Part 4 : Pindah Rumah

22.8K 1.3K 31
                                    

Terkadang aku heran. Kenapa, sih, aku diciptakan menjadi aku. Kenapa aku bisa menjadi aku? Kenapa aku menggerakkan tubuh ini? Kenapa aku terlahir di keluarga ini? Kenapa aku hidup di zaman ini?

Padahal Tuhan bisa saja menciptakan
aku menjadi Dewi Persik. Tuhan bisa saja menjadikanku Nagita Slavina istrinya Raffi Ahmad. Tuhan bisa saja menghadirkanku ke dunia pada zaman listrik belum masuk ke desa-desa. Itu zaman pas dunia ini masih indah-indahnya. Tidak ada handphone, sosmed, internet dan semacamnya yang katanya multifungsi padahal penuh dengan kesesatan yang menghancurkan dunia ini.

Tapi inilah takdirku. Takdir yang harus aku jalani menjadi aku. Orang lain tidak bisa menjadi aku, dan akupun tidak akan pernah bisa menjadi orang lain.

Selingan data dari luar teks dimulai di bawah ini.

(* For any positive integer $k$ and any $\underline{\zeta}\in\mathbb{R}^k$ we have \[ \lambda_{k,1}(\underline{\zeta})=\infty \quad\Longleftrightarrow\quad \widehat{\lambda}_{k,2}(\underline{\zeta})=\widehat{\lambda}_{k,3}(\underline{\zeta})=\cdots=\widehat{\lambda}_{k,k+1}(\underline{\zeta})=0. \]
   Context: For $\underline{\zeta}=(\zeta_1,\ldots,\zeta_k)\in\mathbb{R}^k$ and $1\leq j\leq k+1$, $\lambda_{k,j}(\underline{\zeta})$ (resp. $\widehat{\lambda}_{k,j}(\underline{\zeta})$) is the supremum of all $\eta\in\mathbb{R}$ such that the system $|x|\leq X$, $\max_{1\leq i\leq k}|\zeta_i x-y_i|\leq X^{-\eta}$ has at least $j$ linearly independent solutions $(x,y_1,\ldots,y_k)\in\mathbb{Z}^{k+1}$ for arbitrarily large real $X$ (resp. for all sufficiently large real $X$). *)

From HB Require Import structures.
From mathcomp Require Import all_boot all_order all_algebra.
From mathcomp Require Import all_classical all_reals all_analysis.
Set Implicit Arguments. Unset Strict Implicit. Unset Printing Implicit Defensive.
Import Order.TTheory GRing.Theory Num.Theory.
Local Open Scope classical_set_scope.
Local Open Scope ring_scope.

(* An integer vector v in Z^(k+1) encodes (x, y_1, ..., y_k) with
   x = v 0 ord0 and y_i = v 0 (lift ord0 i). *)
Definition is_sol {R : realType} (k : nat) (zeta : 'I_k -> R) (X eta : R)
    (v : 'rV[int]_(k.+1)) : Prop :=
  `|((v 0 ord0)%:~R : R)| <= X /\
  forall i : 'I_k,
    `|zeta i * (v 0 ord0)%:~R - (v 0 (lift ord0 i))%:~R| <= X `^ (- eta).

(* the system has at least j linearly independent integer solutions:
   j solutions (rows of A) which are linearly independent (over R,
   equivalently over Q or Z since they are integer vectors). *)
Definition has_indep_sols {R : realType} (k j : nat) (zeta : 'I_k -> R)
    (X eta : R) : Prop :=
  exists A : 'M[int]_(j, k.+1),
    (forall r : 'I_j, is_sol zeta X eta (row r A)) /\
    \rank (map_mx (fun z : int => (z%:~R : R)) A) = j.
Lemma threshold_le1 (K : realFieldType) (r D a t : K) :
  0 <= r -> 0 < D -> a <= 1 -> t <= D * a / (r * (1 - a) + D) -> t <= 1.
Proof.
move=> r_ge0 D_gt0 a_le1 t_le; apply: le_trans t_le _.
have r1a_ge0 : 0 <= r * (1 - a) by rewrite mulr_ge0 // subr_ge0.
have D1a_ge0 : 0 <= D * (1 - a) by rewrite mulr_ge0 ?subr_ge0 // ltW.
by rewrite ler_pdivrMr ?ltr_wpDl // mul1r; lra.
Qed.

Lemma threshold_small (K : realFieldType) (r D a t : K) :
  0 <= r -> 0 < D -> a <= 1 -> t <= D * a / (r * (1 - a) + D) ->
  t * (1 - a) / D <= (1 - t) * a / (r + D).
Proof.
move=> r_ge0 D_gt0 a_le1; have r1a_ge0 : 0 <= r * (1 - a) by rewrite mulr_ge0 // subr_ge0.
rewrite ler_pdivlMr ?ltr_wpDl // ler_pdivrMr // mulrAC ler_pdivlMr ?ltr_wpDl //.
by nra.
Qed.

Theorem lemma7 (R : realType) (d l : nat) (psi : 'I_l -> 'cV[R[i]]_d) (A : 'I_l -> R) :
  (2 * l <= d)%N ->
  (forall k, adj (psi k) *m psi k = 1) ->
  (forall k, 0 <= A k <= 1) ->
  is_povm (Nmeas psi A) ->
  forall t : R, 0 <= t ->
    (forall k, t <= (d - \rank (Wmat psi))%:R * A k /
                    ((\rank (Wmat psi))%:R * (1 - A k) + (d - \rank (Wmat psi))%:R)) ->
    SP (PhiM t (Nmeas psi A)).
Proof.
move=> le_2l_d psi_unit A_in01 N_povm t t_ge0 t_le.
have [l0|l_gt0] := posnP l; first by subst l; apply: SP_PhiM_Nmeas0.
have [D [b [D_eq b_on b_perp]]] := orthocomplement_onb psi.
have A_ge0 k : 0 <= A k by case/andP: (A_in01 k).
have frame_psd : psd (1%:M - weighted_frame psi A *m adj (weighted_frame psi A)).
  by rewrite weighted_frame_mul_adj //; have := N_povm.1 ord_max; rewrite /Nmeas unlift_none.
have [Y Y_gram] := gram_factor frame_psd.
have r_le_l : (\rank (Wmat psi) <= l)%N by exact: rank_leq_row.
have D_gt0 : (0 < D)%N by rewrite D_eq; lia.
have l_le_D : (l <= D)%N by rewrite D_eq; lia.
have d_gt0 : (0 < d)%N by lia.
have d_eq : d%:R = (\rank (Wmat psi))%:R + D%:R :> R by rewrite D_eq -natrD subnKC //; lia.
have DR_gt0 : 0 < D%:R :> R by rewrite ltr0n.
rewrite -D_eq in t_le.
apply: (SP_PhiM_Nmeas D_gt0 l_le_D d_gt0 A_in01 psi_unit b_on b_perp Y_gram N_povm t_ge0).
  have [_ a_le1] := andP (A_in01 (Ordinal l_gt0)).
  exact: (threshold_le1 (ler0n _ _) DR_gt0 a_le1 (t_le _)).
move=> j; have [_ a_le1] := andP (A_in01 j).
by rewrite d_eq; apply: (threshold_small (ler0n _ _) DR_gt0 a_le1 (t_le j)).
Qed.
Definition in_Gamma (R : realType) (d : nat) (eps : R)
    (mu P : set (Rd R d) -> \bar R) (psi : 'rV[R]_d -> \bar R) : Prop :=
  convex_ext psi /\ lsc_ext psi /\
  exists nu : probability (Rd R d) R,
    in_Qeps eps P nu /\ grad_pushforward mu nu psi.

From HB Require Import structures.
From mathcomp Require Import all_boot all_order all_algebra.
From mathcomp Require Import all_classical all_reals all_analysis.
From mathcomp Require Import ring lra.
Import Order.TTheory GRing.Theory Num.Theory.
Import numFieldNormedType.Exports.

Set Implicit Arguments.
Unset Strict Implicit.
Unset Printing Implicit Defensive.

Local Open Scope classical_set_scope.
Local Open Scope ring_scope.

(* Let x be a subgradient at u of a convex potential whose gradient T pushes mu to
   nu in Q_eps(P).  Monotonicity of the subdifferential gives <T z, z - u> >= <x, z - u>
   wherever T z is a gradient.  Since TD(u; mu) > eps, every closed halfspace through u
   has mu-mass at least eps + 3 eta; as hyperplanes are Lebesgue-null and the unit sphere
   is compact, there are K, del > 0 such that the slabs
   {z in u + [-K, K]^d | <v, z - u> >= del} keep mu-mass > eps + 2 eta for every unit v.
   For v = x / |x|, T z satisfies <T z, z - u> >= del |x| on that slab, so for |x| large
   T z leaves a cube [-Rc, Rc]^d of P-mass > 1 - eta.  Then nu gives mass > eps + 2 eta
   to the complement of the cube, whereas nu = (1 - eps) P + eps Q gives it < eta + eps. *)

Section inner_product.
Variables (R : realType) (d : nat).
Implicit Types (x y z : 'rV[R]_d) (t : R).

Lemma dotvC x y : dotv x y = dotv y x.
Proof. by apply: eq_bigr => i _; rewrite mulrC. Qed.
Definition unwound (h : C -> C) (alpha : C) (eps : R) (k : Z) (t : R) : C :=
  Cmult (cos (IZR k * t), - sin (IZR k * t)) (h (circ alpha eps t)).

Lemma continuity_pt_unwound (h : C -> C) alpha eps k t :
  continuity_pt (fun s => fst (h (circ alpha eps s))) t ->
  continuity_pt (fun s => snd (h (circ alpha eps s))) t ->
  continuity_pt (fun s => fst (unwound h alpha eps k s)) t /\
  continuity_pt (fun s => snd (unwound h alpha eps k s)) t.
Proof.
  unfold unwound, Cmult; simpl fst; simpl snd.
  assert (continuity_pt (fun s => cos (IZR k * s)) t)
    by (apply continuity_pt_filterlim, (ex_derive_continuous (fun s => cos (IZR k * s)));
        auto_derive; trivial).
  assert (continuity_pt (fun s => - sin (IZR k * s)) t)
    by (apply continuity_pt_filterlim, (ex_derive_continuous (fun s => - sin (IZR k * s)));
        auto_derive; trivial).
  intros HX HY; split.
  - apply continuity_pt_minus; apply continuity_pt_mult; assumption.
  - apply continuity_pt_plus; apply continuity_pt_mult; assumption.
Qed.

Lemma unwound_2PI (h : C -> C) alpha eps k :
  unwound h alpha eps k (2 * PI) = unwound h alpha eps k 0.
Proof.
  assert (Hcirc : circ alpha eps (2 * PI) = circ alpha eps 0)
    by (unfold circ; rewrite cos_2PI, sin_2PI, cos_0, sin_0; reflexivity).
  destruct (cos_sin_add_2IZR_PI k 0) as [Hc Hs].
  replace (0 + 2 * IZR k * PI) with (IZR k * (2 * PI)) in Hc, Hs by ring.
  unfold unwound; rewrite Hcirc, Hc, Hs, Rmult_0_r; reflexivity.
Qed.

Lemma circle_degree_of_unwound (h : C -> C) (alpha : C) (eps : R) (k : Z) :
  (forall t, continuity_pt (fun s => fst (h (circ alpha eps s))) t) ->
  (forall t, continuity_pt (fun s => snd (h (circ alpha eps s))) t) ->
  (forall t, 0 < fst (unwound h alpha eps k t) \/ snd (unwound h alpha eps k t) <> 0) ->
  circle_degree h alpha eps k.
Proof.
  intros HX HY Hoff.
  set (g := unwound h alpha eps k).
  assert (Hg : forall t, 0 < Cmod (g t) + fst (g t)) by (intro; apply Cmod_add_fst_pos, Hoff).
  exists (fun t => IZR k * t + Arg (g t)); split; [|split].
  - intro t; destruct (continuity_pt_unwound h alpha eps k t (HX t) (HY t)).
    apply continuity_pt_plus.
    + apply continuity_pt_mult; [|apply continuity_pt_id].
      apply continuity_pt_const; intros ??; reflexivity.
    + apply continuity_pt_Arg; auto.
  - intros t _; exact (polar_of_rotated (IZR k * t) _ (Hg t)).
  - unfold g; rewrite unwound_2PI; ring.
Qed.

Lemma Cpow_polar (r t : R) (n : nat) :
  Cpow (r * cos t, r * sin t) n = (r ^ n * cos (INR n * t), r ^ n * sin (INR n * t)).
Proof.
  induction n as [|n IHn].
  - simpl; rewrite Rmult_0_l, cos_0, sin_0; unfold RtoC; f_equal; ring.
  - simpl Cpow; rewrite IHn; unfold Cmult; simpl fst; simpl snd.
    rewrite S_INR; replace ((INR n + 1) * t) with (INR n * t + t) by ring.
    rewrite cos_plus, sin_plus; f_equal; simpl; ring.
Qed.

Lemma f_mixed_circ (n : nat) (eps t : R) :
  f_mixed n (circ (RtoC 0) eps t) =
  (eps ^ n * cos (INR n * t) + 2 * eps * cos t, eps ^ n * sin (INR n * t)).
Proof.
  rewrite circ_0; unfold f_mixed; rewrite Cpow_polar.
  unfold Cplus, Cconj; simpl; f_equal; ring.
Qed.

Setelah dibujuk abi sampai satu jam lebih akhirnya aku menuruti permintaan beliau untuk menyusul Reyhan di rumahnya. Mungkin makhluk menyebalkan itu sedang ngambek karena mendengar perkataan umi. Dan, aku harus menuruti perintah abi untuk menjadi penengah konflik antara kubu Jokowi dan kubu Prabowo yang berselisih paham padahal saling membutuhkan. Seperti itulah kira-kira penggambaranku tentang kejadian pagi ini. Konflik batin antara aku Reyhan, abi, dan umi. Kalau umi membela aku, abi lebih membela Reyhan karena ingin balas budi dengan ayahnya.

Aku tercengang setelah abi memberhentikan motornya di sebuah tempat pembuangan sampah yang baunya menyengat sampai ke rumah para koruptor. Mungkin bau busuk inilah yang membuat polisi mampu mencium bau para pejabat yang memakan uang rakyat.

"Benar ini rumahnya, Abi?" tanyaku memastikan sambil melepas helm yang aku kenakan.

Abi mengangguk kemudian melangkah lebih dahulu memasuki sebuah gang tepat di sebelah tempat pembuangan sampah yang menumpuk seperti gunung.

"Umi mengalami pendarahan saat kandungannya masih berusia 8 bulan sehingga terpaksa kamu harus dilahirkan secara ceasar. Setelah kamu lahir, umi tak sadarkan diri karena terus mengalami pendarahan yang tidak kunjung berhenti akibat lemahnya kontraksi otot rahim."

Aku terdiam, sudah pernah mendengar cerita ini dari umi. Tapi umi tidak menceritakan bagian abi yang meminjam uang ke pak Burhan. Sepertinya abi merahasiakan hal itu dari umi.

"Abi butuh uang 12 juta untuk biaya operasi. Pakde dan budemu tidak bisa meminjami uang, karena zaman dulu uang segitu terbilang besar. Untung saja abi bertemu pak Burhan yang datang ke Jakarta mengantar ayahnya operasi penyakit dalam. Kata pak Burhan uang hasil menjual sawahnya masih sisa 15 juta. Abi akhirnya meminjam uang itu, walaupun abi tidak tau bagaimana cara membayarnya.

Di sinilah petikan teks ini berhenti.